Диверу захотелось его ударить. Он занес кулак. Лу не пошевелился. Его имя создавало вокруг него некую непроницаемую область, ауру, какую создает вокруг лица красота — когда я бил Булькена, я никогда не наносил удара в лицо — и когда Дивер захотел ударить его кулаком, Лу, совсем неслышно, призвал на помощь колдовскую власть своего имени: левый кулак Дивера так и не смог преодолеть невидимого препятствия, той заколдованной ауры. Удивленный, Дивер захотел попробовать нанести удар другим, правым, кулаком, но тот же паралич сделал его таким же невесомым и бессильным, как только что левый кулак, и он прекратил борьбу, увидев зримое проявление магической власти.
Взгляд Дивера сверкал в глазах Булькена тогда, на лестнице, в ту минуту, когда я хотел его поцеловать. Я видел тот же грозный свет человека, готового защищать — и пусть не смеются над этим — свою мужскую честь. Впрочем, только дважды я и видел в человеческих глазах такую решимость и непримиримость. Булькен был злым. Этим же вечером, ведь ночь всегда мягче и теплее, я принялся мысленно представлять себе, что сталось бы с Булькеном, когда бы он вышел из тюрьмы, если бы… Я ясно вижу, как он холодно говорит мне со стальным блеском в глазах, отвергая мою протянутую руку: «Вали отсюда» — и затем бросает прямо в мою озадаченную физиономию: «Да уж, поимел я тебя, на фиг теперь ты мне нужен, можешь отправляться в задницу».
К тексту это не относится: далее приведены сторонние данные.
(* If $m\ge 10$ is even and $m=3t+1$ for some positive integer $t$, then $\lambda(L_m)<\lambda(T_m)$.
   Context: $\lambda(\cdot)$ denotes the largest adjacency eigenvalue. For even $m$, $L_m$ is obtained from a 5-cycle $u_1u_2u_3u_4u_5$ by adding $\frac{m-6}{2}$ new vertices each adjacent exactly to $u_1$ and $u_3$, and one new vertex adjacent only to $u_1$ (equivalently, $K_{2,\frac{m-2}{2}}$ with one edge subdivided, with a pendant edge attached at a vertex of maximum degree). When $\frac{m-4}{3}$ is a positive integer, $T_m$ is obtained from $C_5$ by replacing two adjacent vertices by independent sets of sizes $\frac{m-4}{3}$ and $2$ (each new vertex adjacent to all vertices/sets that the replaced vertex was adjacent to, so the two sets span a complete bipartite graph). *)

From mathcomp Require Import all_boot all_order all_algebra.
Set Implicit Arguments. Unset Strict Implicit. Unset Printing Implicit Defensive.
Import Order.TTheory GRing.Theory Num.Theory.
Local Open Scope ring_scope.

Definition adjmx (F : fieldType) (n : nat) (e : nat -> nat -> bool) : 'M[F]_n :=
  \matrix_(i < n, j < n) ((e i j || e j i : bool)%:R).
Это ясное видение было неслучайным, я давно уже замечал этот холодный взгляд, раз и навсегда закрытый для моих проявлений симпатии, такой же холод я увидел сегодня в глазах Дивера. Впрочем, я не думаю, что Булькен мне лгал, говоря о своих дружеских чувствах, ведь, зная о моей преданности, любой мальчик, голубой он или нет, не мог противиться поцелую. Но если он лгал мне, Булькен, я восхищаюсь его дерзостью, какую неясность убил он во мне? Бог добр, ведь он ставит на вашем пути столько капканов и ловушек, что вы просто не можете не идти туда, куда он ведет вас.
Он ненавидел меня. Ненавидел? Издалека я все продолжаю бороться против его дружбы с Роки. Я борюсь, словно колдун, который хочет развеять чары, разрушить заклятие, наложенное соперником. Я борюсь, словно уже намеченная, избранная для заклания, схваченная жертва. Я борюсь неподвижно, одним лишь своим напряженным, неслабеющим вниманием. Я жду. Гроза разразится позже. Я ожесточился. Я борюсь. Булькена и Роки связывает соучастие. Значит, еще более тесное соучастие — соучастие в убийстве? — должно связать меня с ним. Я хотел бы взять на себя убийство Аркамона и разделить ужас этого преступления с Булькеном. Но одна мысль продолжает меня тревожить: в литературе неоднократно использовался сюжет о том, как некий сильный, влиятельный человек оказывался подавлен и подмят каким-нибудь ничтожеством, и даже если в этой связке именно я окажусь тем самым, сильным и влиятельным, судьба-насмешница все извратит, и Булькен предпочтет Роки. В конце концов я знаю, что никогда не смогу совладать с ним, потому что он был привязан к Булькену, потому что еще до знакомства со мной и до самого конца они защищали свою связь, защищали от перешептывания и перемигивания приятелей.
День был мрачным, но и его пронзило одно мгновение счастья: этим же утром мне передали кусок кальки, на котором была изображена голова матроса в обрамлении спасательного круга. Это был образец наколки, который обошел накануне весь Централ, и больше пяти десятка заключенных, никак друг с другом не связанные, сделали себе такую татуировку.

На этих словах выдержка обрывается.